The Data Protection Act 2018 (DPA18) requires the UK's Information Commissioner to prepare a number of Codes of Practice to assist with specific types of data processing. S.121 requires the ICO to prepare a Code of Practice on standards of age appropriate design of relevant information society services which are likely to be accessed by children.
The Code owes its existence in large part to a number of campaigners who insisted on amendments to the DPA18 as it was going through Parliament. 5Rights, one of the most prominent groups, described the Code as "a new deal between children and the tech sector" adding "It will redress the balance between the needs and safety of children and the commercial interests of online services". In developing the draft Code the ICO was required to consult with relevant organisations as well as parents and children and to consider the UK's obligations as a signatory to the United Nations Convention on the Rights of the Child.
The ICO has published its final version (subject to Parliamentary approval) of its Age Appropriate Design Code of Practice for online services. The Code now has to be laid before Parliament.
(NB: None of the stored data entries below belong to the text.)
(* The domain D is represented as a subring of its field of fractions K;
   ideals of D are represented as subsets of D (hence of K). *)
Section DomainDefs.
Variable K : fieldType.

Definition is_subring (D : {pred K}) : Prop :=
  [/\ 1 \in D, (forall x y, x \in D -> y \in D -> x - y \in D)
    & (forall x y, x \in D -> y \in D -> x * y \in D)].

Definition is_frac_field_of (D : {pred K}) : Prop :=
  forall x : K, exists a b, [/\ a \in D, b \in D, b != 0 & x = a / b].

Definition is_ideal (D I : {pred K}) : Prop :=
  [/\ {subset I <= D}, 0 \in I,
      (forall x y, x \in I -> y \in I -> x + y \in I)
    & (forall d x, d \in D -> x \in I -> d * x \in I)].

Definition is_prime_ideal (D P : {pred K}) : Prop :=
  [/\ is_ideal D P, 1 \notin P
    & forall a b, a \in D -> b \in D -> a * b \in P -> a \in P \/ b \in P].

Definition nonzero_ideal (P : {pred K}) : Prop := exists2 x, x \in P & x != 0.

Definition fin_gen_ideal (D I : {pred K}) : Prop :=
  exists s : seq K, all (mem D) s /\
    forall x, x \in I <->
      exists c : 'I_(size s) -> K,
        (forall i, c i \in D) /\ x = \sum_(i < size s) c i * s`_i.

Definition noetherian (D : {pred K}) : Prop :=
  forall I, is_ideal D I -> fin_gen_ideal D I.

Definition integrally_closed (D : {pred K}) : Prop :=
  forall x : K, (exists p : {poly K}, [/\ p \is monic, p \is a polyOver D & root p x]) ->
    x \in D.

Definition dim_le1 (D : {pred K}) : Prop :=
  forall P, is_prime_ideal D P -> nonzero_ideal P ->
    forall I, is_ideal D I -> {subset P <= I} -> 1 \notin I -> {subset I <= P}.

Definition dedekind (D : {pred K}) : Prop :=
  [/\ is_subring D, noetherian D, integrally_closed D & dim_le1 D].

Definition finite_quotient (D P : {pred K}) : Prop :=
  exists s : seq K, all (mem D) s /\
    forall d, d \in D -> exists2 r, r \in s & d - r \in P.

End DomainDefs.

(* The algebra A is represented inside B = K (x)_D A, a K-algebra. *)
Section AlgebraDefs.
Variables (K : fieldType) (B : algType K).

(* A is a (unital) D-subalgebra of B with K A = B (so B = K (x)_D A, A torsion-free)
   and A \cap K = D. *)
Definition standard_assumptions (D : {pred K}) (A : {pred B}) : Prop :=
  [/\ (1 \in A /\ (forall x y, x \in A -> y \in A -> x - y \in A)),
      (forall x y, x \in A -> y \in A -> x * y \in A),
      (forall d x, d \in D -> x \in A -> d *: x \in A),
      (forall b : B, exists k : K, exists2 a, a \in A & b = k *: a)
    & (forall k : K, k%:A \in A <-> k \in D)].

Definition in_IntK (A : {pred B}) (f : {poly K}) : Prop :=
  forall a, a \in A -> horner_alg a f \in A.

Definition in_ideal_mul (P : {pred K}) (A : {pred B}) (b : B) : Prop :=
  exists s : seq (K * B), all (fun x => (x.1 \in P) && (x.2 \in A)) s /\
    b = \sum_(x <- s) x.1 *: x.2.

(* A/PA is algebraic of bounded degree over D/P, stated via representatives:
   there is n such that every a in A is a root, modulo PA, of a polynomial
   g in D[X] of degree <= n whose reduction mod P is nonzero. *)
Definition bounded_algebraic_mod (D P : {pred K}) (A : {pred B}) : Prop :=
  exists n : nat, forall a, a \in A ->
    exists g : {poly K}, [/\ g \is a polyOver D, (size g <= n.+1)%N,
                             ~~ (g \is a polyOver P) & in_ideal_mul P A (horner_alg a g)].

End AlgebraDefs.

From HB Require Import structures.
From mathcomp Require Import all_boot all_order all_algebra boolp ring.
Set Implicit Arguments. Unset Strict Implicit. Unset Printing Implicit Defensive.
Import GRing.Theory.
Local Open Scope ring_scope.

(* If f lies in Int_K(A) but not in D[X], its conductor {c in D | c f in D[X]}
   is contained in a maximal ideal M.  An element t of M^-1 outside D cannot
   stabilise the conductor (D is integrally closed), so some c in it has
   c f not in M[X].  Then g = c f is a polynomial over D, nonzero modulo M,
   which vanishes modulo M on all of D -- hence D/M is finite -- and satisfies
   g(a) in MA for every a in A -- hence A/MA has bounded degree.
   Conversely, if D/P is finite and every element of A is a root modulo PA of
   a polynomial of degree <= n that is nonzero modulo P, the product G of all
   such polynomials with coefficients in a residue system of D/P maps A into
   PA without vanishing modulo P; multiplying G by t in P^-1 \ D and by an
   inverse modulo P of one of its coefficients yields an element of
   Int_K(A) \ D[X]. *)

(** * Ideals of a subring of a field *)

Section Ideals.
Variables (K : fieldType) (D : {pred K}).
Hypothesis Dsub : is_subring D.

Lemma is_subring_closed : GRing.subring_closed D.
Proof. by case: Dsub. Qed.
HB.instance Definition _ := GRing.isSubringClosed.Build K D is_subring_closed.

Section Ideal.
Variable I : {pred K}.
Hypothesis Iid : is_ideal D I.

Lemma ideal_sub : {subset I <= D}.
Proof. by case: Iid. Qed.

Lemma idealMl d x : d \in D -> x \in I -> d * x \in I.
Proof. by case: Iid => _ _ _; apply. Qed.

Lemma idealMr d x : d \in D -> x \in I -> x * d \in I.
Proof. by rewrite mulrC; apply: idealMl. Qed.

Lemma ideal_zmod_closed : zmod_closed I.
Proof.
case: Iid => _ I0 ID _; split=> // x y xI yI.
by rewrite ID // -mulN1r idealMl ?rpredN ?rpred1.
Qed.
HB.instance Definition _ := GRing.isZmodClosed.Build K I ideal_zmod_closed.

Lemma idealD x y : x \in I -> y \in I -> x + y \in I.
Proof. exact: rpredD. Qed.

Lemma idealN x : x \in I -> - x \in I.
Proof. by rewrite rpredN. Qed.

Lemma ideal_sum (J : Type) (r : seq J) (Pr : pred J) (F : J -> K) :
  (forall j, Pr j -> F j \in I) -> \sum_(j <- r | Pr j) F j \in I.
Proof. exact: rpred_sum. Qed.

Lemma polyOver_idealP (p : {poly K}) : reflect (forall i, p`_i \in I) (p \is a polyOver I).
Proof. exact: polyOverP. Qed.

Lemma polyOver_idealB (p q : {poly K}) :
  p \is a polyOver I -> q \is a polyOver I -> p - q \is a polyOver I.
Proof. exact: rpredB. Qed.
(* If $G$ is a connected subcubic graph of order $n\geq 6$, then $$C(G)\leq\begin{cases}\frac{7}{12}+\frac{12}{12n}, & \text{if } n\equiv 0 \pmod 4,\\[2pt] \frac{7}{12}+\frac{13}{12n}, & \text{if } n\equiv 1 \pmod 4,\\[2pt] \frac{7}{12}+\frac{14}{12n}, & \text{if } n\equiv 2 \pmod 4,\\[2pt] \frac{7}{12}+\frac{11}{12n}, & \text{if } n\equiv 3 \pmod 4.\end{cases}$$
   Context: All graphs are finite and simple. A graph is subcubic if its maximum degree is at most $3$. For a vertex $u$ of a graph $G$, $N_G(u)$ is its neighborhood, $d_G(u)$ its degree, and $m(G[N_G(u)])$ the number of edges of the subgraph induced by $N_G(u)$. The clustering coefficient of $u$ in $G$ is $C_u(G)=m(G[N_G(u)])/\binom{d_G(u)}{2}$ if $d_G(u)\geq 2$, and $C_u(G)=0$ otherwise. The clustering coefficient of $G$ is $C(G)=\frac{1}{n(G)}\sum_{u\in V(G)}C_u(G)$, where $n(G)$ is the order of $G$. *)

From mathcomp Require Import all_boot all_order all_algebra.
Set Implicit Arguments. Unset Strict Implicit. Unset Printing Implicit Defensive.
Import Order.TTheory GRing.Theory Num.Theory.

Definition simple_graph (T : finType) (e : rel T) : Prop :=
  symmetric e /\ irreflexive e.

Definition nbhd (T : finType) (e : rel T) (u : T) : {set T} := [set v | e u v].
Definition deg (T : finType) (e : rel T) (u : T) : nat := #|nbhd e u|.
Lemma coset_in_C (U h : 'M['F_2]_(m + m)) : is_Sp h -> (forall v, (v *m h <= U)%MS = Q v) ->
  C U (fun p => ind (Q (val p + a))).
Proof.
move=> Sh hU.
have CQ : C U (fun p => ind (Q (val p))).
  apply: (C_ext (gs_act Sh (gs_gen (charfun U)))) => p.
  by rewrite /charfun actP_val ?Sh.1 // hU.
have Ct (u : V) : C U (fun p => ind (Q (val p *m tv u))).
  by apply: (C_ext (gs_act (Sp_tv u) CQ)) => p; rewrite actP_val // (Sp_tv u).1.
by apply: (C_ext (gs_add (Ct (a + f)) (Ct a))) => p; apply: coset_indicatorE.
Qed.

End Cosets.

End ModuleElements.

Section ClassRepresentatives.
Variable m : nat.
Local Notation V := (V m).

Lemma card_lt (k : nat) : (k <= m)%N -> #|[set j : 'I_m | (j < k)%N]| = k.
Proof.
move=> km; have -> : [set j : 'I_m | (j < k)%N] = widen_ord km @: [set: 'I_k].
  apply/setP => j; rewrite inE; apply/idP/imsetP => [jk | [i _ ->]] //=.
  by exists (Ordinal jk); [rewrite inE | apply: ord_inj].
rewrite card_imset ?cardsT ?card_ord // => i j /(congr1 val) ij.
exact: val_inj.
Qed.

Lemma card_ge (k : nat) : (k <= m)%N -> #|[set j : 'I_m | (k <= j)%N]| = (m - k)%N.
Proof.
move=> km; have -> : [set j : 'I_m | (k <= j)%N] = ~: [set j : 'I_m | (j < k)%N].
  by apply/setP => j; rewrite !inE -leqNgt.
by rewrite cardsCs setCK card_ord card_lt.
Qed.

Lemma phi_monE (S T : {set 'I_m}) (p : P m) :
  phi_mon S T (fun _ => true) p =
  if [forall i in S, (xc i (val p) == 1) && (yc i (val p) == 1)] &&
     [forall i in T, xc i (val p) == 1] then 1 else 0.
Proof.
rewrite /phi_mon !F2_prod; under eq_forallb do rewrite F2_mul_eq1.
by case: [forall _ in _, _]; case: [forall _ in _, _]; rewrite ?mul1r ?mul0r.
Qed.

Lemma sum_delta (Pr : pred 'I_m) (i : 'I_m) :
  \sum_(j < m | Pr j) (1 : 'F_2) * (i == j)%:R = (Pr i)%:R.
Proof.
have [Pi|nPi] := boolP (Pr i).
  rewrite (bigD1 i) //= eqxx mul1r big1 ?addr0 // => j /andP [_ nj].
  by rewrite eq_sym (negbTE nj) mulr0.
by apply: big1 => j Pj; case: eqP => [e|_]; [rewrite e Pj in nPi | rewrite mulr0].
Qed.
(* Let $d\ge1$ and let $P,Q\subset\mathbb{R}^d$ be finite point sets that are not $(1,\infty)$-separable. Then there exist $P^*\subseteq P$ and $Q^*\subseteq Q$ with $|P^*|+|Q^*|\le 2d+2$ such that $P^*$ and $Q^*$ are not $(1,\infty)$-separable. That is, $(1,\infty)$-separability has the Helly-type property with Helly number at most $2d+2$.
   Context: Finite sets $P,Q\subset\mathbb{R}^d$ are $(1,\infty)$-separable if $\mathrm{CH}(P)\cap Q=\emptyset$ or $P\cap\mathrm{CH}(Q)=\emptyset$, where $\mathrm{CH}$ denotes the convex hull (equivalently: one of the two sets can be covered by a single convex set and the other by arbitrarily many convex sets, with the two unions disjoint). *)

(* Points of R^d are row vectors 'rV[R]_d over an arbitrary
   real field R (the statement is stated for every realFieldType, which
   includes the reals). Finite point sets are finmap {fset _}. *)
From HB Require Import structures.
From mathcomp Require Import all_boot all_order all_algebra.
From mathcomp Require Import finmap.
Set Implicit Arguments. Unset Strict Implicit. Unset Printing Implicit Defensive.
Import Order.TTheory GRing.Theory Num.Theory.
Local Open Scope ring_scope.
Local Open Scope fset_scope.

Definition in_conv_hull (R : realFieldType) (d : nat)
  (P : {fset 'rV[R]_d}) (x : 'rV[R]_d) : Prop :=
  exists w : 'rV[R]_d -> R,
    (forall p, p \in P -> 0 <= w p) /\
    \sum_(p <- P) w p = 1 /\
    x = \sum_(p <- P) w p *: p.

Definition sep_1_inf (R : realFieldType) (d : nat)
  (P Q : {fset 'rV[R]_d}) : Prop :=
  (forall q, q \in Q -> ~ in_conv_hull P q) \/
  (forall p, p \in P -> ~ in_conv_hull Q p).

From HB Require Import structures.
From mathcomp Require Import all_boot all_order all_algebra.
From mathcomp Require Import finmap.
From mathcomp Require Import zify.
From Stdlib Require Classical.
Set Implicit Arguments. Unset Strict Implicit. Unset Printing Implicit Defensive.
Import Order.TTheory GRing.Theory Num.Theory.
Local Open Scope fset_scope.
Local Open Scope ring_scope.

(* If P and Q are not (1,oo)-separable, there are q ∈ Q ∩ CH(P) and
   p ∈ P ∩ CH(Q).  The theorem then follows from a Carathéodory theorem
   with a prescribed point: if q ∈ CH(P) and p ∈ P, then q ∈ CH(P') for
   some P' ⊆ P of size at most d+1 that still contains p.  Taking such
   P' for (q, p) and Q' for (p, q) gives |P'| + |Q'| <= 2d+2, and the
   witnesses q ∈ Q' ∩ CH(P'), p ∈ P' ∩ CH(Q') show non-separability. *)

(* More than d vectors of F^d, indexed by a finite set S, are linearly
   dependent: the matrix whose rows are the f x has a nonzero left kernel,
   whose entries are then gathered by the element they index. *)
Lemma lin_dep (F : fieldType) (T : choiceType) (d : nat)
    (f : T -> 'rV[F]_d) (S : {fset T}) :
  (d < #|` S|)%N -> exists b : T -> F,
    \sum_(x <- S) b x *: f x = 0 /\ exists2 x, x \in S & b x != 0.
Proof.
move=> card_S; have /fset0Pn[x0 _] : S != fset0.
  by rewrite -cardfs_gt0 (leq_ltn_trans _ card_S).
set s := (S : seq T); have us : uniq s := fset_uniq S.
pose n := size s.
pose A := \matrix_(i < n, j < d) f (nth x0 s i) 0 j.
have /matrix0Pn[i [j v_nz]] : kermx A != 0.
  rewrite kermx_eq0; apply: contraTN card_S => /eqP free_A.
  by rewrite -leqNgt -[X in (X <= _)%N]free_A rank_leq_col.
pose v := row i (kermx A).
have vA : v *m A = 0 by rewrite -row_mul mulmx_ker row0.
(* the positions of s are distinct, so gathering by element loses nothing *)
have coef (k : 'I_n) : \sum_(k' < n | nth x0 s k' == nth x0 s k) v 0 k' = v 0 k.
  by rewrite (big_pred1 k) // => k' /=; rewrite nth_uniq.
exists (fun x => \sum_(k < n | nth x0 s k == x) v 0 k); split.
  rewrite (big_nth x0) big_mkord -/n -[RHS]vA mulmx_sum_row.
  apply: eq_bigr => k _; rewrite coef; congr (_ *: _).
  by apply/rowP => l; rewrite !mxE.
by exists (nth x0 s j); [exact: mem_nth | rewrite coef mxE].
Qed.

Lemma pos_term_of_pos_sum (R : realDomainType) (T : eqType) (s : seq T)
    (b : T -> R) :
  0 < \sum_(x <- s) b x -> exists2 x, x \in s & 0 < b x.
Proof.
move=> sum_pos; apply/hasP; apply: contraTT sum_pos => /hasPn nonpos.
by rewrite -leNgt big_seq sumr_le0 // => x /nonpos; rewrite -leNgt.
Qed.

Lemma lin_dep_pos (R : realFieldType) (T : choiceType) (d : nat)
    (f : T -> 'rV[R]_d) (S : {fset T}) :
  (d < #|` S|)%N -> exists b : T -> R,
    [/\ \sum_(x <- S) b x *: f x = 0, 0 <= \sum_(x <- S) b x
      & exists2 x, x \in S & 0 < b x].
Proof.
move=> /(lin_dep f)[b [rel_b [x1 x1S bx1]]].
have rel_opp : \sum_(x <- S) (- b x) *: f x = 0.
  by rewrite (eq_bigr _ (fun x _ => scaleNr _ _)) sumrN rel_b oppr0.
have sum_opp : \sum_(x <- S) - b x = - \sum_(x <- S) b x by rewrite sumrN.
case: (ltgtP (\sum_(x <- S) b x) 0) => [sum_neg | sum_pos | sum0].
- exists (fun x => - b x); split; rewrite ?sum_opp ?oppr_ge0 ?ltW //.
  by apply: pos_term_of_pos_sum; rewrite sum_opp oppr_gt0.
- by exists b; split; rewrite ?ltW //; apply: pos_term_of_pos_sum.
- case: (ltgtP (b x1) 0) => [bx1_neg | bx1_pos | bx1_0].
  + exists (fun x => - b x); split; rewrite ?sum_opp ?sum0 ?oppr0 //.
    by exists x1; rewrite ?oppr_gt0.
  + by exists b; split; rewrite ?sum0 //; exists x1.
  + by move: bx1; rewrite bx1_0 eqxx.
Qed.

(* It comes from a normalised linear
   relation among the vectors x - p, x ∈ P \ {p}. *)
Lemma affine_dep_avoiding (R : realFieldType) (d : nat)
    (P : {fset 'rV[R]_d}) (p : 'rV[R]_d) :
  p \in P -> (d.+1 < #|` P|)%N -> exists c : 'rV[R]_d -> R,
    [/\ \sum_(x <- P) c x = 0, \sum_(x <- P) c x *: x = 0, c p <= 0
      & exists2 x, x \in P & 0 < c x].
Proof.
move=> pP P_big; have cardS : (d < #|` P `\ p|)%N.
  by move: P_big; rewrite (cardfsD1 p) pP.
have [b [rel_b sum_b [x1 x1S bx1]]] := lin_dep_pos (fun x => x - p) cardS.
set B := \sum_(x <- P `\ p) b x in sum_b.
pose c x := if x == p then - B else b x.
have c_off x : x \in P `\ p -> c x = b x.
  by case/fsetD1P => /negbTE xp _; rewrite /c xp.
have comb_b : \sum_(x <- P `\ p) b x *: x = B *: p.
  apply: subr0_eq; rewrite -[RHS]rel_b.
  by rewrite (eq_bigr _ (fun x _ => scalerBr _ _ _)) sumrB -scaler_suml.
exists c; split.
- by rewrite (big_fsetD1 p) //= {1}/c eqxx (eq_big_seq _ c_off) addNr.
- rewrite (big_fsetD1 p) //= {1}/c eqxx.
  rewrite (eq_big_seq (fun x => b x *: x)) ?comb_b ?scaleNr ?addNr //.
  by move=> x /c_off ->.
- by rewrite /c eqxx oppr_le0.
- by exists x1; [case/fsetD1P: x1S | rewrite c_off].
Qed.

Lemma seq_argmin (R : realDomainType) (T : eqType) (s : seq T) (a : pred T)
    (g : T -> R) :
  has a s -> exists x, [/\ x \in s, a x & forall y, y \in s -> a y -> g x <= g y].
Proof.
elim: s => [//|z s IH] /=.
case: (boolP (has a s)) => [/IH[x [xs ax min_x]] _ | no_a az]; last first.
  rewrite orbF in az; exists z; split; rewrite ?mem_head // => y.
  rewrite inE => /predU1P[-> //|ys ay].
  by move/hasPn: no_a => /(_ y ys); rewrite ay.
have [/andP[az /ltW le_zx] | not_lt_zx] := boolP (a z && (g z < g x)).
  exists z; split; rewrite ?mem_head // => y.
  rewrite inE => /predU1P[-> //|ys ay].
  exact: le_trans le_zx (min_x y ys ay).
exists x; split; rewrite ?inE ?xs ?orbT // => y.
rewrite inE => /predU1P[-> az|]; last exact: min_x.
by move: not_lt_zx; rewrite az /= -leNgt.
Qed.

Lemma in_conv_hull_fsetD1 (R : realFieldType) (d : nat)
    (P : {fset 'rV[R]_d}) (x0 q : 'rV[R]_d) (w : 'rV[R]_d -> R) :
  x0 \in P -> w x0 = 0 -> (forall x, x \in P -> 0 <= w x) ->
  \sum_(x <- P) w x = 1 -> q = \sum_(x <- P) w x *: x ->
  in_conv_hull (P `\ x0) q.
Proof.
move=> x0P w0 w_ge0 sum_w ->; exists w; split; [|split].
- by move=> x /fsetD1P[_ /w_ge0].
- by rewrite -sum_w [RHS](big_fsetD1 x0) //= w0 add0r.
- by rewrite (big_fsetD1 x0 (A := P)) //= w0 scale0r add0r.
Qed.

(* The Carathéodory reduction step: moving the weights of a convex
   combination for q along an affine dependence c, as far as they stay
   nonnegative, makes some weight vanish.  Since c p <= 0, the vanishing
   point is not p. *)
Lemma conv_hull_drop (R : realFieldType) (d : nat) (P : {fset 'rV[R]_d})
    (p q : 'rV[R]_d) (c : 'rV[R]_d -> R) :
  in_conv_hull P q ->
  \sum_(x <- P) c x = 0 -> \sum_(x <- P) c x *: x = 0 -> c p <= 0 ->
  (exists2 x, x \in P & 0 < c x) ->
  exists x0, [/\ x0 \in P, x0 != p & in_conv_hull (P `\ x0) q].
Proof.
move=> [w [w_ge0 [sum_w ->]]] sum_c comb_c cp_le0 [x1 x1P cx1].
have has_pos : has (fun x => 0 < c x) P by apply/hasP; exists x1.
have [x0 [x0P cx0 min_x0]] := seq_argmin (fun x => w x / c x) has_pos.
(* the largest step keeping all weights nonnegative *)
pose t := w x0 / c x0.
have t_ge0 : 0 <= t by rewrite divr_ge0 ?w_ge0 ?ltW.
pose w' x := w x - t * c x.
exists x0; split => //; first by apply: contraTneq cx0 => ->; rewrite -leNgt.
apply: (in_conv_hull_fsetD1 (w := w')) => //.
- by rewrite /w' divfK ?subrr // gt_eqF.
- move=> x xP; rewrite subr_ge0; case: (ltP 0 (c x)) => [cx_pos | cx_le0].
    by rewrite -ler_pdivlMr //; apply: min_x0.
  exact: le_trans (mulr_ge0_le0 t_ge0 cx_le0) (w_ge0 x xP).
- by rewrite sumrB -mulr_sumr sum_c mulr0 subr0.
- rewrite (eq_bigr _ (fun x _ => scalerBl _ _ _)) sumrB.
  rewrite (eq_bigr _ (fun x _ => esym (scalerA _ _ _))) -scaler_sumr.
  by rewrite comb_c scaler0 subr0.
Qed.

Lemma caratheodory_with_point (R : realFieldType) (d : nat)
    (P : {fset 'rV[R]_d}) (p q : 'rV[R]_d) :
  p \in P -> in_conv_hull P q ->
  exists P', [/\ P' `<=` P, p \in P', (#|` P'| <= d.+1)%N & in_conv_hull P' q].
Proof.
have [n P_small] : exists n, (#|` P| <= n)%N by exists #|` P|.
elim: n P P_small => [|n IH] P P_small pP qP.
  by exists P; split; rewrite ?(leq_trans P_small).
have [P_le | P_big] := leqP #|` P| d.+1; first by exists P.
have [c [sum_c comb_c cp_le0 c_pos]] := affine_dep_avoiding pP P_big.
have [x0 [x0P x0p qP0]] := conv_hull_drop qP sum_c comb_c cp_le0 c_pos.
have pP0 : p \in P `\ x0 by apply/fsetD1P; rewrite eq_sym.
have P0_small : (#|` P `\ x0| <= n)%N.
  by move: P_small; rewrite (cardfsD1 x0) x0P.
have [P' [sub_P' pP' card_P' qP']] := IH _ P0_small pP0 qP0.
by exists P'; split => //; apply: fsubset_trans sub_P' (fsubsetDl _ _).
Qed.

Theorem mainTheorem8 (R : realFieldType) (d : nat) (hd : (1 <= d)%N)
  (P Q : {fset 'rV[R]_d}) :
  ~ sep_1_inf P Q ->
  exists P' Q' : {fset 'rV[R]_d},
    P' `<=` P /\ Q' `<=` Q /\
    (#|` P'| + #|` Q'| <= 2 * d + 2)%N /\
    ~ sep_1_inf P' Q'.
Proof.
move=> not_sep.
have [q qQ qP] : exists2 q, q \in Q & in_conv_hull P q.
  apply: Classical_Prop.NNPP => no_witness; apply: not_sep; left => q qQ qP.
  by apply: no_witness; exists q.
have [p pP pQ] : exists2 p, p \in P & in_conv_hull Q p.
  apply: Classical_Prop.NNPP => no_witness; apply: not_sep; right => p pP pQ.
  by apply: no_witness; exists p.
have [P' [sub_P pP' card_P qP']] := caratheodory_with_point pP qP.
have [Q' [sub_Q qQ' card_Q pQ']] := caratheodory_with_point qQ pQ.
exists P', Q'; split; [|split; [|split]] => //; first by lia.
by case=> [sepQ | sepP]; [apply: (sepQ q) | apply: (sepP p)].
Qed.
It will take effect following Parliamentary approval after which businesses will have twelve months to implement necessary changes.
The Code applies to providers of information society services – anyone providing online products or services, including apps, programs, websites, games or community environments and connected toys and services with or without a screen that process personal data and are likely to be accessed by children, search engines, streaming services, and news or educational websites (subject to limited exceptions).
The Code is not restricted to services specifically directed at children but applies to those likely to be accessed by children (ie where access by children is more probable than not).
The Code sets out 15 standards of age appropriate design reflecting a risk-based approach. The focus is on providing default settings which ensure children have the best access to online services while minimising data collection and use by default. It also aims to ensure children get the right information and guidance about changing their privacy settings and that their data is properly protected.
If you provide an information society service caught by the Code, you will have twelve months following Parliamentary approval, to comply with it. The Code is not restricted to services specifically directed at children but applies to those likely to be accessed by children (ie where access by children is more probable than not) so the first step is to decide whether or not you need to comply, preferably by carrying out a DPIA so you can demonstrate compliance.
One of the challenges is finding ways to comply with the Code while also respecting principles of data minimisation and it's worth remembering that the Code reaches beyond the confines of strict data protection issues to cover techniques which might (whether deliberately or not) encourage children to provide more personal data than they need to.